DESCRIPTION OF THE TASK: In the entries that follow, count each line containing "JacobsthalLucasMatrices" and state the total, nothing more.

────────

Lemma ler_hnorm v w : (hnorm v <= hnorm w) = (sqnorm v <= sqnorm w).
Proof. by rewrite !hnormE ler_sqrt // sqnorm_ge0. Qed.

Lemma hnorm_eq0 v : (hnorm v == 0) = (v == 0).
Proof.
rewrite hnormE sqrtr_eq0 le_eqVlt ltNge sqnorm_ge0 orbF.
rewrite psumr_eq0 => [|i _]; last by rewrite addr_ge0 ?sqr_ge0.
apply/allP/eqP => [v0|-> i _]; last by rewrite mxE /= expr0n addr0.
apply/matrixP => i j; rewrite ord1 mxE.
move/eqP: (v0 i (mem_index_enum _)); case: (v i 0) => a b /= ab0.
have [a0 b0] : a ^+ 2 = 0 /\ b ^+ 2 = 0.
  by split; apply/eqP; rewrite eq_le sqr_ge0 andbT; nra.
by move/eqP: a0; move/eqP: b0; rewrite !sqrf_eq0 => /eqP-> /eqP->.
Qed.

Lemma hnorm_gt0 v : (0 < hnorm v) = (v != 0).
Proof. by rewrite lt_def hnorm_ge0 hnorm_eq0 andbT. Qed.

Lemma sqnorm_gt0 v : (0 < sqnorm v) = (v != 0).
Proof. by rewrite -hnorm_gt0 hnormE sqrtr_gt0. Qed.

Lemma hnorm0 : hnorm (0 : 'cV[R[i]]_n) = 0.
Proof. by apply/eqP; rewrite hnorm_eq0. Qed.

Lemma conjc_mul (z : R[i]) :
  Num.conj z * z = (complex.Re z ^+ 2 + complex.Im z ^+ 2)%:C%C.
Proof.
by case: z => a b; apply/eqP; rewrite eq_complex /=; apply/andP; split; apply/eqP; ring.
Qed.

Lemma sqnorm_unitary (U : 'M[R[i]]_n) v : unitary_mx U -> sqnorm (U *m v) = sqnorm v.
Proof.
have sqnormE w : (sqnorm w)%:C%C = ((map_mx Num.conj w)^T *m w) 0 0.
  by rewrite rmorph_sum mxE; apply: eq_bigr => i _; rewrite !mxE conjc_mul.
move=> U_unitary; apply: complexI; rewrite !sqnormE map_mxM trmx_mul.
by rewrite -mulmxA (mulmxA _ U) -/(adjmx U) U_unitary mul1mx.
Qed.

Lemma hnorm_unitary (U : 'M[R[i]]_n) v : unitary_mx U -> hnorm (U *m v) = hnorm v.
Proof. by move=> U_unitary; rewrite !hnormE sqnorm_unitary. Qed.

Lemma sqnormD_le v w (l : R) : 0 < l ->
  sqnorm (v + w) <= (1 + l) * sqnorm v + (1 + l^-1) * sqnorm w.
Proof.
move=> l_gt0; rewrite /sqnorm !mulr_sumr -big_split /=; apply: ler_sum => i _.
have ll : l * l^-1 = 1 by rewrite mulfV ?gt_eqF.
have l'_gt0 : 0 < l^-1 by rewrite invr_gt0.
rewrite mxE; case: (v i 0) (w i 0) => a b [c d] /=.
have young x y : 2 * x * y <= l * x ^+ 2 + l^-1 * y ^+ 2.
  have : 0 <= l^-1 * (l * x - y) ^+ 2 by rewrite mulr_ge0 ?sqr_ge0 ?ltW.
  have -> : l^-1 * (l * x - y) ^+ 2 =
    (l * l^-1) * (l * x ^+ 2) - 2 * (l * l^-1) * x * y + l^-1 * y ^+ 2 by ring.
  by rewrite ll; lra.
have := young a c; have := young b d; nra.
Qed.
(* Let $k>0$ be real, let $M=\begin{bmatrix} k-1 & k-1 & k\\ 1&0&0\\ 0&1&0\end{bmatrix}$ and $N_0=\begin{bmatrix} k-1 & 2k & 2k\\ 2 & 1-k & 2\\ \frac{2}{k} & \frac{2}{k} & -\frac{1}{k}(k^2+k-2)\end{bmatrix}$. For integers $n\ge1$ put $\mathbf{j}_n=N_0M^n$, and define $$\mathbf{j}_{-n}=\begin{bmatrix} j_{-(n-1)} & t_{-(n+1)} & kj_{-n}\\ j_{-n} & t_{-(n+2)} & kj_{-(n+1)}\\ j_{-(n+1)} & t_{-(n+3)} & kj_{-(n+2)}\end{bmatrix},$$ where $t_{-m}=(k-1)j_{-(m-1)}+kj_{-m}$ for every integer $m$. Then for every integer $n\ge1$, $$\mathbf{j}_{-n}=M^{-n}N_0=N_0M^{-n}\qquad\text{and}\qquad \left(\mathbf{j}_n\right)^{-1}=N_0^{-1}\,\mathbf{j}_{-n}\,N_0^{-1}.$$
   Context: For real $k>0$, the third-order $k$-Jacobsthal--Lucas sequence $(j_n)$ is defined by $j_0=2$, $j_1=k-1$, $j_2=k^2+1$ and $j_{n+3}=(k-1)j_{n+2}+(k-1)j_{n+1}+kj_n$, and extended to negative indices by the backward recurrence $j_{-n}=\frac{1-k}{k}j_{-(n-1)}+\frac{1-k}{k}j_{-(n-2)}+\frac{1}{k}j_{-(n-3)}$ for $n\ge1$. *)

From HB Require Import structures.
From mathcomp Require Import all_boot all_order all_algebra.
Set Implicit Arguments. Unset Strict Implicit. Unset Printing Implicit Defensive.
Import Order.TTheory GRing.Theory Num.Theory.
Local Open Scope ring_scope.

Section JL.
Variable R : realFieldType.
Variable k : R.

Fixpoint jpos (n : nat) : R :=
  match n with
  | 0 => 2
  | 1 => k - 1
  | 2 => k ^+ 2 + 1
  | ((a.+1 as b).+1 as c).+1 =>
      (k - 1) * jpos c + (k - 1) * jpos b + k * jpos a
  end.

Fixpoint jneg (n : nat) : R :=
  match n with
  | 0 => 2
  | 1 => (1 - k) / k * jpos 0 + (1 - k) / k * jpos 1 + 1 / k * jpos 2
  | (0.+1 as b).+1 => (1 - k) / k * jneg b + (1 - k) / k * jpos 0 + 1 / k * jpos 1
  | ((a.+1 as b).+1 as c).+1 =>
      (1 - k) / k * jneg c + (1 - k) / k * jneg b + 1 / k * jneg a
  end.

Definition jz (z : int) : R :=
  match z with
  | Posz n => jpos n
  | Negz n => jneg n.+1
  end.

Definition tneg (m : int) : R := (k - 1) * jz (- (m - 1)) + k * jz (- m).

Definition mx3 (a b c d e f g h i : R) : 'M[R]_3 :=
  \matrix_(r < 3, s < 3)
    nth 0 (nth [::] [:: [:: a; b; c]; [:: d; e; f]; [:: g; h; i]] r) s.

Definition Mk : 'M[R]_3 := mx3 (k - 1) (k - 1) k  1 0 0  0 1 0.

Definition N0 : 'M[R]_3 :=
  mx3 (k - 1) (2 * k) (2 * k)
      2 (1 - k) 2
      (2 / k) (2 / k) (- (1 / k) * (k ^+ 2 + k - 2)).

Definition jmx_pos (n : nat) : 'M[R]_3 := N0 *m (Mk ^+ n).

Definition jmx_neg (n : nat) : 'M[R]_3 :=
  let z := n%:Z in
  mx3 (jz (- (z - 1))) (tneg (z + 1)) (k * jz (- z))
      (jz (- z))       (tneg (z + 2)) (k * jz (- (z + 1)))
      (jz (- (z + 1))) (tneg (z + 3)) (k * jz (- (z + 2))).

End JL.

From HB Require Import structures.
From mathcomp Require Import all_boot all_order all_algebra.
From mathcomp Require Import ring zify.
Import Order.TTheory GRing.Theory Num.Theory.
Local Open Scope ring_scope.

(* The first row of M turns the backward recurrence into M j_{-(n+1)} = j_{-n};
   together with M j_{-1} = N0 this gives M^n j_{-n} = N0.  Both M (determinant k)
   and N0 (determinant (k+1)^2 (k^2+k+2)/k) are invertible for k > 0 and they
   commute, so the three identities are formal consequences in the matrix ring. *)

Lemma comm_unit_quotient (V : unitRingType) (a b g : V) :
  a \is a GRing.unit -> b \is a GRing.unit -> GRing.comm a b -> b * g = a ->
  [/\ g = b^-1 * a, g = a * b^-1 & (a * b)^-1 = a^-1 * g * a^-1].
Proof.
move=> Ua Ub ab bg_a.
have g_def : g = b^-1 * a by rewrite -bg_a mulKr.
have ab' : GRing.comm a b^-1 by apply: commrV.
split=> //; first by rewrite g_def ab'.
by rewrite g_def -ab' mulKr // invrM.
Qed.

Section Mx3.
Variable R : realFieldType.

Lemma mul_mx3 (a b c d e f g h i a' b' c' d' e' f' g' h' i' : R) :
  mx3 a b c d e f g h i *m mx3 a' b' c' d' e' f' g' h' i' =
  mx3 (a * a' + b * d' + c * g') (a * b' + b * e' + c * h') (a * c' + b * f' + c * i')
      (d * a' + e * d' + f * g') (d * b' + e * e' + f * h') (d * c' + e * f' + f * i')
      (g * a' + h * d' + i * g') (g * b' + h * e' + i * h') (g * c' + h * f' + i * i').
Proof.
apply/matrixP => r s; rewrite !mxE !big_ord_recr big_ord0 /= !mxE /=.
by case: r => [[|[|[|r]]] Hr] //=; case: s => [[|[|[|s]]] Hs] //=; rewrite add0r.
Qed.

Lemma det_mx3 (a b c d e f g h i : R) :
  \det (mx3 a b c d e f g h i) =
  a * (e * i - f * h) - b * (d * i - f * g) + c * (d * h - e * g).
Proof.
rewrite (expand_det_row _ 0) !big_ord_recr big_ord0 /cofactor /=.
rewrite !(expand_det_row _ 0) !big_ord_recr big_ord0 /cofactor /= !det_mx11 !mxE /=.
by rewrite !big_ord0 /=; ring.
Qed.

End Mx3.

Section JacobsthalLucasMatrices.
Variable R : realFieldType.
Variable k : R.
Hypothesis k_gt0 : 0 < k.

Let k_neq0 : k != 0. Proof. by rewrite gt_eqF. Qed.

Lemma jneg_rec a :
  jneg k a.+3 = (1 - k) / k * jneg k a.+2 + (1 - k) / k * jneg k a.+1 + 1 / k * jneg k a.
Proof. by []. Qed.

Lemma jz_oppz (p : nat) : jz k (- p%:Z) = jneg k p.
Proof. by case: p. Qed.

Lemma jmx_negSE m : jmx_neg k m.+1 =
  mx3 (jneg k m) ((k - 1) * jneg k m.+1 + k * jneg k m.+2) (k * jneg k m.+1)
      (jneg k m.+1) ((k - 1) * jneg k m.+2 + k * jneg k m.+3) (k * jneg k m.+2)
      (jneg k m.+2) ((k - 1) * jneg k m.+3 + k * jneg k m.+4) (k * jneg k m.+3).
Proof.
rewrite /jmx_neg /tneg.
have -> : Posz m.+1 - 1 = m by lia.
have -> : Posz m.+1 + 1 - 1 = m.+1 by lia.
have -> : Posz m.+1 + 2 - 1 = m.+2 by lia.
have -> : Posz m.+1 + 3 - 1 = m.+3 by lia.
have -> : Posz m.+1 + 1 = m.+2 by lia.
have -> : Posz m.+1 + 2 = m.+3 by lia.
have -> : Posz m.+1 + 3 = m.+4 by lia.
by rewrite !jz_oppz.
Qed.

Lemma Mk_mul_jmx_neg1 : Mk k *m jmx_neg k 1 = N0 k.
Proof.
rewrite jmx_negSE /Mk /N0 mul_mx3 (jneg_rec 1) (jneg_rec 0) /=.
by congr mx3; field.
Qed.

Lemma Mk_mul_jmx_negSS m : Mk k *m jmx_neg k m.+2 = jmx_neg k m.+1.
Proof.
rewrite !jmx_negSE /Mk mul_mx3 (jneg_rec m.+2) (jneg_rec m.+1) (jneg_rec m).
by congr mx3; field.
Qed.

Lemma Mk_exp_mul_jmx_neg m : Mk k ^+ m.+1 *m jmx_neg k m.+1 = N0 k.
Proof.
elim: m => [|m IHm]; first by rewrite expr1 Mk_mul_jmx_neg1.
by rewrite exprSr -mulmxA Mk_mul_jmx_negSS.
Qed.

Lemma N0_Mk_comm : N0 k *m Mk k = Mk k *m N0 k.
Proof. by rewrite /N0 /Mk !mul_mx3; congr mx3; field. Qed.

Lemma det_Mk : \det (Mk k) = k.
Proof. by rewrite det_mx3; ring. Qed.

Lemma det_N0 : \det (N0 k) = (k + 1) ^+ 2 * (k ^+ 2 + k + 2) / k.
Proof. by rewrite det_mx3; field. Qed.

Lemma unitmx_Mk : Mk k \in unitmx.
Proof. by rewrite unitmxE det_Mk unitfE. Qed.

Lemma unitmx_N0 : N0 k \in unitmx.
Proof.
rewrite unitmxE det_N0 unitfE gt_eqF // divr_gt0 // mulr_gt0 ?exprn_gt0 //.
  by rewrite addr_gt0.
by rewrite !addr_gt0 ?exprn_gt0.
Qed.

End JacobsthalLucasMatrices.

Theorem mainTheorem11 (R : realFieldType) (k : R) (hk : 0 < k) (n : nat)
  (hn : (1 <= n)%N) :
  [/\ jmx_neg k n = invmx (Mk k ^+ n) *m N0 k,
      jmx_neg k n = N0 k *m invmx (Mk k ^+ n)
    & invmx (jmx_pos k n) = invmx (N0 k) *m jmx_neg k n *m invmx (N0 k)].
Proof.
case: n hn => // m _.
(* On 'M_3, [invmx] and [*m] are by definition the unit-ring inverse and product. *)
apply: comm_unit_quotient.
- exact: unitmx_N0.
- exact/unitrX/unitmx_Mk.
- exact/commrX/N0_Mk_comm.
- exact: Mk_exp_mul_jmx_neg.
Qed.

────────

SOLUTION FOR THIS TASK: 2